• [THE TASK]
Output only the lines of the entries that follow, starting at the one with "R2, so each" and running down to the one with "Lemma card_fset_set_bigsetU (I", both included and unchanged.

• [Stored data entries]
= = = = =

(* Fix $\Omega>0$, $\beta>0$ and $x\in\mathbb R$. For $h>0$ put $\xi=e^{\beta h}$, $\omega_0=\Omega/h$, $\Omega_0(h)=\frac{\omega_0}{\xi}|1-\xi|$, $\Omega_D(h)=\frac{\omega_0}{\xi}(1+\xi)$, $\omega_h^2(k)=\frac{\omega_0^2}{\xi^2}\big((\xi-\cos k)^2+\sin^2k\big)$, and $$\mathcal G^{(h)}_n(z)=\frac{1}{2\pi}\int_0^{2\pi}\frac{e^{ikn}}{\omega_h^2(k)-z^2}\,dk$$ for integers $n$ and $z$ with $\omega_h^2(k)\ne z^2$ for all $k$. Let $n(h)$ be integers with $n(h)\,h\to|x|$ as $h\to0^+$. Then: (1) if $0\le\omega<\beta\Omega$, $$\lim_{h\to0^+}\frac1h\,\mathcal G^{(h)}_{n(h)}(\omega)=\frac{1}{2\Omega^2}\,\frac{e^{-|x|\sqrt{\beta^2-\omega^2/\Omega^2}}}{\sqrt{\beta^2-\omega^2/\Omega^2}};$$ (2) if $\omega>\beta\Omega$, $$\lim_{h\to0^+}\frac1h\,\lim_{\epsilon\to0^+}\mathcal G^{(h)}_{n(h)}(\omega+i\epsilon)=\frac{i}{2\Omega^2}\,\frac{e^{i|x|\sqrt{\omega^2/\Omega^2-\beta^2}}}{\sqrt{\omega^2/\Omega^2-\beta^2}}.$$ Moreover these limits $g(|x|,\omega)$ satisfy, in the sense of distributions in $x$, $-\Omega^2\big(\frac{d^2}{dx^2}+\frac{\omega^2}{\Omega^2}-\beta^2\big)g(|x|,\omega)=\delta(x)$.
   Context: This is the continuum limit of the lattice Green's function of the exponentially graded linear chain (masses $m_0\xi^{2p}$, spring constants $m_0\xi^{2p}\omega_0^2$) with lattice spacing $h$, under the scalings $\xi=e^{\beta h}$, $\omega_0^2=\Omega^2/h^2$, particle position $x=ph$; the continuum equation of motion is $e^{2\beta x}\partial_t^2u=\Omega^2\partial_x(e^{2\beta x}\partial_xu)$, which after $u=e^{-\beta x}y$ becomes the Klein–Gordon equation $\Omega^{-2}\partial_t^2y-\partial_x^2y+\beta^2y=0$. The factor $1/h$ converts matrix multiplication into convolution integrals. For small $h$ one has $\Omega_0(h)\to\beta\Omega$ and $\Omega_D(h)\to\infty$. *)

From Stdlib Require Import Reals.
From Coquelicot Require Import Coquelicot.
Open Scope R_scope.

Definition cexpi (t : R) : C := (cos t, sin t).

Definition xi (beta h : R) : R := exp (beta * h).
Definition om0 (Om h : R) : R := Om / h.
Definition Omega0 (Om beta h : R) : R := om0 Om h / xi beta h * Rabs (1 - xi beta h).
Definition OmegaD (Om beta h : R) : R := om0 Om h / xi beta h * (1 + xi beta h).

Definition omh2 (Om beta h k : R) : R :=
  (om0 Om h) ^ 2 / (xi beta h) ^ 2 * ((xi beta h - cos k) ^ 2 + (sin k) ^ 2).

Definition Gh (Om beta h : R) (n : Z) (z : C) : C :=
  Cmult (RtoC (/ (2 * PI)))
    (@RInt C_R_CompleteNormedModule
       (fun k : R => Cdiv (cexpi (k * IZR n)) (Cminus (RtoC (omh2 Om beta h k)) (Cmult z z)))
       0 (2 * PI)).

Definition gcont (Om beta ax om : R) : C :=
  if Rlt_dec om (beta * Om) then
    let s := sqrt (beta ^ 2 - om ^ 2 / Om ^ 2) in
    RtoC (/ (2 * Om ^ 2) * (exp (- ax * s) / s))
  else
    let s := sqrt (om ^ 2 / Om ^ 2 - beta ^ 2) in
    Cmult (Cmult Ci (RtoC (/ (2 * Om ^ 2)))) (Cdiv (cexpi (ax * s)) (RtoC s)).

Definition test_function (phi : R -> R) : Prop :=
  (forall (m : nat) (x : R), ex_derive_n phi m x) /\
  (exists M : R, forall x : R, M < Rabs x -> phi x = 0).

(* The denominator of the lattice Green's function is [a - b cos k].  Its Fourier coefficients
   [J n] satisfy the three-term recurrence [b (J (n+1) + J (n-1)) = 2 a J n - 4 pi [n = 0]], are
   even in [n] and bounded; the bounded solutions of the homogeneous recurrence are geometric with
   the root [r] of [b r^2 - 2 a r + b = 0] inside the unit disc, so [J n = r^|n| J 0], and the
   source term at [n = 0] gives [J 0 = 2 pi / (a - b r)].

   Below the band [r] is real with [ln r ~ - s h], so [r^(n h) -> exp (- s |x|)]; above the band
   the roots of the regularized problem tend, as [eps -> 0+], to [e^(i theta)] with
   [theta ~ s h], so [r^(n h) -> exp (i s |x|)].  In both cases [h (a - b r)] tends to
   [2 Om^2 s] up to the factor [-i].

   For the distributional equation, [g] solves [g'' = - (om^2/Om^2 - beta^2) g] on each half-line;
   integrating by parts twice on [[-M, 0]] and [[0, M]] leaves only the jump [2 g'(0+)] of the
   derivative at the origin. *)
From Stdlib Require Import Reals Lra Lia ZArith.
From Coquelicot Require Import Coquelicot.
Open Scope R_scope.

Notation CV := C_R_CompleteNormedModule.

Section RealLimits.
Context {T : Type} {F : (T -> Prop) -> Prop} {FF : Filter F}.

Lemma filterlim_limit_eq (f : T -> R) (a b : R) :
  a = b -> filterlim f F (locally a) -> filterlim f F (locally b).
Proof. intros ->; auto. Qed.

= = = = =

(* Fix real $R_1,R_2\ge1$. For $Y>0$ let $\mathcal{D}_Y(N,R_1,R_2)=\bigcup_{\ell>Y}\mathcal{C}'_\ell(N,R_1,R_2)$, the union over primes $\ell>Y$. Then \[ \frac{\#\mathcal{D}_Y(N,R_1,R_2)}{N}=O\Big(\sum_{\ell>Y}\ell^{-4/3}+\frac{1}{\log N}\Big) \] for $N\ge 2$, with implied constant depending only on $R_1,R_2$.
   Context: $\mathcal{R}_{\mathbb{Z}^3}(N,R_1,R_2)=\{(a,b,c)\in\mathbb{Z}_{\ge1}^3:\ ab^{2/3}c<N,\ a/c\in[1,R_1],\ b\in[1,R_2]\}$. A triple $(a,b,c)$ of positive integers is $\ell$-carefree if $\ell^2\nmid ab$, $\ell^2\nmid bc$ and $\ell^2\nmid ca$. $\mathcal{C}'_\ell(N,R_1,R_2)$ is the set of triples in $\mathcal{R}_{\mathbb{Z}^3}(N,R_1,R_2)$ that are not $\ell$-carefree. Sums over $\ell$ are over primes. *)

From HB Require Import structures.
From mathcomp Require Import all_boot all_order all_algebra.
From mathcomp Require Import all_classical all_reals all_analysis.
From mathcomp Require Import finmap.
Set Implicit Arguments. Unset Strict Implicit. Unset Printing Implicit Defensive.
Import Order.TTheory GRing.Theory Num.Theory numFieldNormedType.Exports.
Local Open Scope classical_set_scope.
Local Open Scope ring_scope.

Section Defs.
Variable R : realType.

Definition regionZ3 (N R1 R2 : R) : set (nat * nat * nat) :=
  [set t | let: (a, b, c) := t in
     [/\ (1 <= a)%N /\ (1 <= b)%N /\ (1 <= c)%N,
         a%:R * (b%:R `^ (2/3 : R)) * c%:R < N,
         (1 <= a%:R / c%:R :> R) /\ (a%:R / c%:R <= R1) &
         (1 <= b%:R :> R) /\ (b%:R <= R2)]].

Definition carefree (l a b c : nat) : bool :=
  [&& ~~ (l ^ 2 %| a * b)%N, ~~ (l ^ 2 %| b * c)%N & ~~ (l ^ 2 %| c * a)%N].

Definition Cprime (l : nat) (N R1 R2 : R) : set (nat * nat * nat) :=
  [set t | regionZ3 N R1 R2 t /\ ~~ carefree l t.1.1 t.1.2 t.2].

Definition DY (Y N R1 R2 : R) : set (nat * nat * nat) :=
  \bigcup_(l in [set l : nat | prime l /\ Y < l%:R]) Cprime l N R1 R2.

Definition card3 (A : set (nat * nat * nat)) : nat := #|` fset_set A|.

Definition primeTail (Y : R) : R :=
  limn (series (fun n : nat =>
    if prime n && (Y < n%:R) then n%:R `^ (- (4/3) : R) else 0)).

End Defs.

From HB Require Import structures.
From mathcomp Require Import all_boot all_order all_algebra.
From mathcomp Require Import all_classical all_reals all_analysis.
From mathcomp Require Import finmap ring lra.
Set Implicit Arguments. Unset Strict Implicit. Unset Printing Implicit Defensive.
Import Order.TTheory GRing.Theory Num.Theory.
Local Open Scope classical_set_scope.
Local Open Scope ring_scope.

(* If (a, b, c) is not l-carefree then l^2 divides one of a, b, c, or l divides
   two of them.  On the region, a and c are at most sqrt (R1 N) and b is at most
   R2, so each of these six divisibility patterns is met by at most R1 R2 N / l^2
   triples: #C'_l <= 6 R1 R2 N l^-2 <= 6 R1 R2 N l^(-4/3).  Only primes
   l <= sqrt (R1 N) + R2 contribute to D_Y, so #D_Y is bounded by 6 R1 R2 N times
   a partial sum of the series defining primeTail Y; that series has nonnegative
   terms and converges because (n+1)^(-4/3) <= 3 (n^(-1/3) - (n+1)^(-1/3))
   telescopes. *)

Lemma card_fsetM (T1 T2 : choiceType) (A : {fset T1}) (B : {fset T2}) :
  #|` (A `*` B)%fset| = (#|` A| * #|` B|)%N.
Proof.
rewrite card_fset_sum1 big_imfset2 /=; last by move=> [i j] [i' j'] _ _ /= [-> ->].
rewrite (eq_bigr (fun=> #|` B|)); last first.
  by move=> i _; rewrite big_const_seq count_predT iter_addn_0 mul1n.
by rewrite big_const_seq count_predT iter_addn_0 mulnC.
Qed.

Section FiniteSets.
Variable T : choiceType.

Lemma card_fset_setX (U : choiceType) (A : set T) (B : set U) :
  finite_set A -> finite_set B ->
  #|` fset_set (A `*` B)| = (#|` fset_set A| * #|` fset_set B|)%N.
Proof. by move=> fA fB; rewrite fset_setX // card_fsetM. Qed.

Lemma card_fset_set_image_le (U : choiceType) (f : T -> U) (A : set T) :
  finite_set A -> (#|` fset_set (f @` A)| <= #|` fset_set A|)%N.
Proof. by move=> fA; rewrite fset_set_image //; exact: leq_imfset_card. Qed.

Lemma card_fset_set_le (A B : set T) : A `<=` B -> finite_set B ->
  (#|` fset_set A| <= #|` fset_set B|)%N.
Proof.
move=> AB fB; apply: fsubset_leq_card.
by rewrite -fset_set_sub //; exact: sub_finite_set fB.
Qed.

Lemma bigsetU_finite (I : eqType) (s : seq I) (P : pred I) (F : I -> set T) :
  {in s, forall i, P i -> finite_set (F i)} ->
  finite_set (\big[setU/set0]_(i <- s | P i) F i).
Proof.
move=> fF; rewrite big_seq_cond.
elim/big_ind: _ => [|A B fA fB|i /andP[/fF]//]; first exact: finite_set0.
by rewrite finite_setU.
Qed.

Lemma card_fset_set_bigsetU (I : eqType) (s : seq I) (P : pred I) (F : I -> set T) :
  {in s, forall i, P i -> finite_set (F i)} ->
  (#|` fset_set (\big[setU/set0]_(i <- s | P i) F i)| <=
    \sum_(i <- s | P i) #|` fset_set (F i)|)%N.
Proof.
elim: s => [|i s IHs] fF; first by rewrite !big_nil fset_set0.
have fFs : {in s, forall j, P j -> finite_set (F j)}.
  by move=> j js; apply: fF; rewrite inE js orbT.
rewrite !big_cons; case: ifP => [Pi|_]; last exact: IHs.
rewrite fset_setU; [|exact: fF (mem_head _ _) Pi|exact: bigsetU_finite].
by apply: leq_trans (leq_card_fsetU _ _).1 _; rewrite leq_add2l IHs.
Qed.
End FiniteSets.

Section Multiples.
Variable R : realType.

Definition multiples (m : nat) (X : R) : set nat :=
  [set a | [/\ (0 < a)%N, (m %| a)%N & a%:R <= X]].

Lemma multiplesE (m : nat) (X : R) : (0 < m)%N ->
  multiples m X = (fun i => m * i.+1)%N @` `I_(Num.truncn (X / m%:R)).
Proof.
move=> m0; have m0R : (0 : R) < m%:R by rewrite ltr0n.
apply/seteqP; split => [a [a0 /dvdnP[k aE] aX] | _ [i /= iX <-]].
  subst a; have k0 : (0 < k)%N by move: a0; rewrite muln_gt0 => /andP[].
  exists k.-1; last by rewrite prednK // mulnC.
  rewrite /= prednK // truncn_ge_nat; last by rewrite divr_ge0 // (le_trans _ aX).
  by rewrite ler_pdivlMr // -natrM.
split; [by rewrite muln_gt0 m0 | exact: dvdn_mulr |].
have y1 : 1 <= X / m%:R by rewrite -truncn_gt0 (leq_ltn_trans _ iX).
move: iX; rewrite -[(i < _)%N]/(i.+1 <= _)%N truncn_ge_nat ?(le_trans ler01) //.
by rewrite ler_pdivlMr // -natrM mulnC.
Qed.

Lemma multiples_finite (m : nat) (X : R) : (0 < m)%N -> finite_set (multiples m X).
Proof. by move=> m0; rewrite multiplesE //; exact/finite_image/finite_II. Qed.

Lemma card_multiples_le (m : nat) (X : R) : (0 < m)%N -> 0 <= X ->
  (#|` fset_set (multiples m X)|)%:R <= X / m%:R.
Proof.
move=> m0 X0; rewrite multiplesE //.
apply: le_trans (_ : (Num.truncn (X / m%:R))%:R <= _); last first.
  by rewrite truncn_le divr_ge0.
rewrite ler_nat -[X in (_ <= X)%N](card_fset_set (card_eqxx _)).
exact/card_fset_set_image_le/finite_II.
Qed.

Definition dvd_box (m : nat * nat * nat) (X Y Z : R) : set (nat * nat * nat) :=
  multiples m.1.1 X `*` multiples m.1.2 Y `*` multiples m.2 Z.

= = = = =

• [SOLUTION FOR THIS TASK]
   R2, so each of these six divisibility patterns is met by at most R1 R2 N / l^2
   triples: #C'_l <= 6 R1 R2 N l^-2 <= 6 R1 R2 N l^(-4/3).  Only primes
   l <= sqrt (R1 N) + R2 contribute to D_Y, so #D_Y is bounded by 6 R1 R2 N times
   a partial sum of the series defining primeTail Y; that series has nonnegative
   terms and converges because (n+1)^(-4/3) <= 3 (n^(-1/3) - (n+1)^(-1/3))
   telescopes. *)

Lemma card_fsetM (T1 T2 : choiceType) (A : {fset T1}) (B : {fset T2}) :
  #|` (A `*` B)%fset| = (#|` A| * #|` B|)%N.
Proof.
rewrite card_fset_sum1 big_imfset2 /=; last by move=> [i j] [i' j'] _ _ /= [-> ->].
rewrite (eq_bigr (fun=> #|` B|)); last first.
  by move=> i _; rewrite big_const_seq count_predT iter_addn_0 mul1n.
by rewrite big_const_seq count_predT iter_addn_0 mulnC.
Qed.

Section FiniteSets.
Variable T : choiceType.

Lemma card_fset_setX (U : choiceType) (A : set T) (B : set U) :
  finite_set A -> finite_set B ->
  #|` fset_set (A `*` B)| = (#|` fset_set A| * #|` fset_set B|)%N.
Proof. by move=> fA fB; rewrite fset_setX // card_fsetM. Qed.

Lemma card_fset_set_image_le (U : choiceType) (f : T -> U) (A : set T) :
  finite_set A -> (#|` fset_set (f @` A)| <= #|` fset_set A|)%N.
Proof. by move=> fA; rewrite fset_set_image //; exact: leq_imfset_card. Qed.

Lemma card_fset_set_le (A B : set T) : A `<=` B -> finite_set B ->
  (#|` fset_set A| <= #|` fset_set B|)%N.
Proof.
move=> AB fB; apply: fsubset_leq_card.
by rewrite -fset_set_sub //; exact: sub_finite_set fB.
Qed.

Lemma bigsetU_finite (I : eqType) (s : seq I) (P : pred I) (F : I -> set T) :
  {in s, forall i, P i -> finite_set (F i)} ->
  finite_set (\big[setU/set0]_(i <- s | P i) F i).
Proof.
move=> fF; rewrite big_seq_cond.
elim/big_ind: _ => [|A B fA fB|i /andP[/fF]//]; first exact: finite_set0.
by rewrite finite_setU.
Qed.

Lemma card_fset_set_bigsetU (I : eqType) (s : seq I) (P : pred I) (F : I -> set T) :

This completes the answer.